Mt. Spokane senior adjusts student life to fatherhood


Graduate Cameron Mills, of Mt.Spokane High School, successfully balances school with being a single father.  
 (CHRISTOPHER ANDERSON / The Spokesman-Review)
The Spokesman-Review

Any dad will tell you it’s difficult to do it all. Being a good father and a good provider requires dedication and sacrifice.

It’s even more difficult when you’re a teen and still in high school.

Just ask Mt. Spokane High School senior Cameron Mills.

Administrative assistant Janet Stumph said Mills lives on his own, attends school four periods a day and is a single dad, working to raise and support his child.
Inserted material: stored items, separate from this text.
Lemma moore_prod_neq0 m : (m <= n)%N -> moore_prod m != 0.
Proof.
move=> le_mn; apply/prodf_neq0 => k _; apply/prodf_neq0 => e _.
exact: moore_factor_neq0 (leq_trans (ltn_ord k) le_mn).
Qed.

Lemma msize_moore_factor k e : (k < n)%N -> msize (moore_factor k e) = 2.
Proof.
move=> lt_kn; apply/anti_leq/andP; split.
  apply: leq_trans (msizeD_le _ _) _; rewrite msizeN geq_max msizeX mdeg1 /=.
  apply: leq_trans (msize_sum _ _ _) _; apply/bigmax_leqP => j _.
  by apply: leq_trans (msizeZ_le _ _) _; rewrite msizeX mdeg1.
have := @msize_mdeg_lt _ _ (moore_factor k e) U_(inord k).
by rewrite mcoeff_msupp mcoeff_moore_factor // oner_neq0 mdeg1; apply.
Qed.

Lemma msize_moore_prod m : (m <= n)%N -> msize (moore_prod m) = (\sum_(k < m) q ^ k).+1.
Proof.
move=> le_mn; rewrite msize_prod => [|k]; last first.
  by apply/prodf_neq0 => e _; exact: moore_factor_neq0 (leq_trans (ltn_ord k) le_mn).
congr _.+1; apply: eq_bigr => k _; have lt_kn := leq_trans (ltn_ord k) le_mn.
rewrite msize_prod => [|e]; last exact: moore_factor_neq0.
under eq_bigr => e _ do rewrite msize_moore_factor //.
by rewrite /= sum1_card card_tuple.
Qed.

Lemma moore_factors_dvd m (s : seq (m.-tuple F)) (w : R) : (m < n)%N -> uniq s ->
  (forall e, e \in s -> subst m (lincomb m (nth 0 e)) w = 0) ->
  exists u, w = \prod_(e <- s) moore_factor m (nth 0 e) * u.
Proof.
move=> lt_mn; elim: s w => [|e s IHs] w /=; first by exists w; rewrite big_nil mul1r.
move=> /andP[e_notin_s uniq_s] w_van.
have [w' Ew] := subr_var_subst_dvd (inord m) (lincomb m (nth 0 e)) w.
rewrite w_van ?mem_head // subr0 -/(xvar m) in Ew.
have w'_van e' : e' \in s -> subst m (lincomb m (nth 0 e')) w' = 0.
  move=> s_e'; have := w_van e'; rewrite in_cons s_e' orbT => /(_ isT) /eqP.
  rewrite Ew rmorphM mulf_eq0 /= raddfB /= xvar_subst // eqxx lincomb_subst //.
  rewrite subr_eq0 => /orP[/eqP /lincomb_tuple_inj eq_e'e | /eqP //].
  by move: e_notin_s; rewrite -eq_e'e ?s_e' // ltnW.
have [u Ew'] := IHs w' uniq_s w'_van.
by exists u; rewrite Ew Ew' big_cons mulrA.
Qed.

Lemma moore_prod_dvd m p : (m <= n)%N -> vanishes_on_lindep m p ->
  exists u, p = moore_prod m * u.
Proof.
elim: m p => [|m IHm] p le_mn p_van; first by exists p; rewrite /moore_prod big_ord0 mul1r.
have [w Ep] := IHm p (ltnW le_mn) (fun k lt_km => p_van k (ltnW lt_km)).
have w_van (e : m.-tuple F) : e \in index_enum {: m.-tuple F} ->
    subst m (lincomb m (nth 0 e)) w = 0.
  move=> _; have /eqP := p_van m (ltnSn m) (nth 0 e).
  rewrite Ep rmorphM /= moore_prod_subst // mulf_eq0.
  by rewrite (negPf (moore_prod_neq0 (ltnW le_mn))) => /eqP.
have [u Ew] := moore_factors_dvd le_mn (index_enum_uniq _) w_van.
by exists u; rewrite Ep Ew /moore_prod big_ord_recr mulrA.
Qed.

Definition moore_last m (h : nat -> R) : 'M[R]_m :=
  \matrix_(t < m, j < m) if (t.+1 < m)%N then xvar j ^+ (q ^ t) else h j.

(* Column k of the image of [moore_last m h] is the [e]-combination of the earlier columns,
   plus the leftover [s (h k - sum_j e j *: h j)] in the last row. *)
Lemma lrmorph_det_moore_last (s : {lrmorphism R -> R}) m h k e :
  (m <= n)%N -> (k < m)%N -> s (xvar k) = lincomb k e ->
  (forall j, (j < m)%N -> j != k -> s (xvar j) = xvar j) ->
  exists2 C : R, C != 0 & s (\det (moore_last m h)) = C * s (h k - \sum_(j < k) e j *: h j).
Proof.
case: m => // m le_mn lt_km s_xk s_xj.
pose kk : 'I_m.+1 := inord k; have kkE : kk = k :> nat := inordK lt_km.
pose w (j : 'I_m) : 'I_n := inord (lift kk j).
have inj_w : injective w.
  move=> j j' /(congr1 val); rewrite /= !inordK ?(leq_trans (ltn_ord _) le_mn) //.
  by move/val_inj/lift_inj.
have minorE : row' ord_max (col' kk (map_mx s (moore_last m.+1 h))) = moore_mx q w.
  apply/matrixP => t j; rewrite !mxE lift_max ltnS ltn_ord /= rmorphXn /= s_xj //.
    exact: ltn_ord (lift kk j).
  by rewrite -kkE -[bump _ _]/(val (lift kk j)) val_eqE eq_sym neq_lift.
exists (cofactor (map_mx s (moore_last m.+1 h)) ord_max kk).
  by rewrite /cofactor minorE mulf_neq0 ?signr_eq0 ?det_moore_mx_neq0 ?finNzRing_gt1.
rewrite -det_map_mx mulrC; apply: (@det_col_lincomb _ _ _ kk (fun j => (e j)%:MP)) => i.
rewrite kkE (big_ord_narrow (ltnW lt_km)).
case: (unliftP ord_max i) => [t ->|->].
  rewrite eq_sym (negPf (neq_lift _ _)) mul0r addr0 !mxE lift_max ltnS ltn_ord /=.
  rewrite rmorphXn /= kkE s_xk expr_cardX_sumZ; apply: eq_bigr => j _.
  rewrite !mxE lift_max ltnS ltn_ord /= rmorphXn /= s_xj ?mul_mpolyC ?ltn_eqF //.
  exact: ltn_trans lt_km.
rewrite eqxx mul1r !mxE ltnn raddfB raddf_sum kkE addrC.
under [X in _ + X]eq_bigr => j _ do rewrite !mxE ltnn mul_mpolyC -linearZ.
by rewrite subrK.
Qed.

Lemma subst_det_moore_last m h k e : (m <= n)%N -> (k < m)%N ->
  exists2 C : R, C != 0 & subst k (lincomb k e) (\det (moore_last m h))
    = C * subst k (lincomb k e) (h k - \sum_(j < k) e j *: h j).
Proof.
move=> le_mn lt_km; have lt_kn := leq_trans lt_km le_mn.
apply: lrmorph_det_moore_last => //; first by rewrite /= xvar_subst // eqxx.
by move=> j lt_jm /negPf ne_jk; rewrite /= xvar_subst ?ne_jk // (leq_trans lt_jm).
Qed.

Lemma vanishes_on_lindep_mulr m p u : vanishes_on_lindep m p -> vanishes_on_lindep m (p * u).
Proof. by move=> p_van k lt_km e; rewrite rmorphM /= p_van // mul0r. Qed.

Lemma vanishes_det_moore_last_le m' m h : (m' <= m)%N -> (m <= n)%N ->
  vanishes_on_lindep m (\det (moore_last m h)) ->
  vanishes_on_lindep m' (\det (moore_last m' h)).
Proof.
move=> le_m'm le_mn van k lt_km' e; have lt_km := leq_trans lt_km' le_m'm.
have [C _ ->] := subst_det_moore_last h e (leq_trans le_m'm le_mn) lt_km'.
have [C' C'_neq0 substE] := subst_det_moore_last h e le_mn lt_km.
move: (van k lt_km e); rewrite substE => /eqP.
by rewrite mulf_eq0 (negPf C'_neq0) => /eqP ->; rewrite mulr0.
Qed.

Lemma Lmx_moore_mx m : Lmx F c m = moore_mx q (@var_of c m).
Proof. by apply/matrixP => t j; rewrite !mxE. Qed.

Lemma Lmx_moore_last m : Lmx F c m = moore_last m (fun j => xvar j ^+ (q ^ m.-1)).
Proof.
apply/matrixP => t j; rewrite !mxE; case: ltnP => // le_mt.
by rewrite (_ : t = m.-1 :> nat) //; move: (ltn_ord t); lia.
Qed.

Lemma det_Lmx_neq0 m : (m <= n)%N -> \det (Lmx F c m) != 0.
Proof.
move=> le_mn; rewrite Lmx_moore_mx.
apply: det_moore_mx_neq0 => [|j j' /(congr1 val)]; first exact: finNzRing_gt1.
by rewrite /= !inordK ?(leq_trans (ltn_ord _) le_mn) //; apply: val_inj.
Qed.

Lemma vanishes_det_Lmx m : (m <= n)%N -> vanishes_on_lindep m (\det (Lmx F c m)).
Proof.
move=> le_mn k lt_km e; have lt_kn := leq_trans lt_km le_mn.
rewrite Lmx_moore_last.
have [C _ ->] := subst_det_moore_last (fun j => xvar j ^+ (q ^ m.-1)) e le_mn lt_km.
rewrite -expr_cardX_sumZ rmorphB !rmorphXn /= xvar_subst // eqxx lincomb_subst //.
by rewrite subrr mulr0.
Qed.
Mills seems to take his responsibilities in stride. The self-effacing 18-year-old says, “When I had my daughter, my priorities changed. I took school more seriously.”

His daughter, Alexis, was born the summer before his junior year in high school. She’ll be 2 in July.

Mills grows animated as he talks about Alexis. “She’s at that stage where she copies everything I do,” he says with a laugh.

Guidance counselor Tom Flanigan says Mills is remarkable. “He hung in there through hard times and did well,” Flanigan says. “He has a tremendous amount of responsibility – very rare in most young men in our culture.”

Indeed, Mills has a schedule that would seem stressful to even the most-seasoned parent. Many days, he takes his daughter to day care in Liberty Lake, drives to Mt. Spokane for classes, then heads to his job at Granny’s Buffet and finally drives back to pick up Alexis.

And every parent of a 2-year-old will tell you that keeping up with an active toddler is a full-time job itself.

“I don’t take anything for granted,” Mills says. “High school goes by really fast.”

Mills already is enrolled at Spokane Community College and plans to attend nursing school. Being a father has affected him profoundly.

Says Flanigan: “What impresses me about Cameron is that he’s never acted like a victim. He’s taken on full responsibility for his life and for someone else’s.”

That kind of responsibility gives Mills a different perspective from other teens.

“I still like playing basketball with my friends and going to the gym, but my friends seem more immature – they make choices I wouldn’t make,” he says. As a protective father, he says, he’s more aware of bad language and behavior among other teens.

Life changed for Cameron Mills the day his daughter was born. He had to put away the trappings of youth and become a man more quickly than he’d planned.

Still, Mills says, he has no regrets.

“I’m aware of what I’m missing out on,” he says. “But I wouldn’t change a thing.”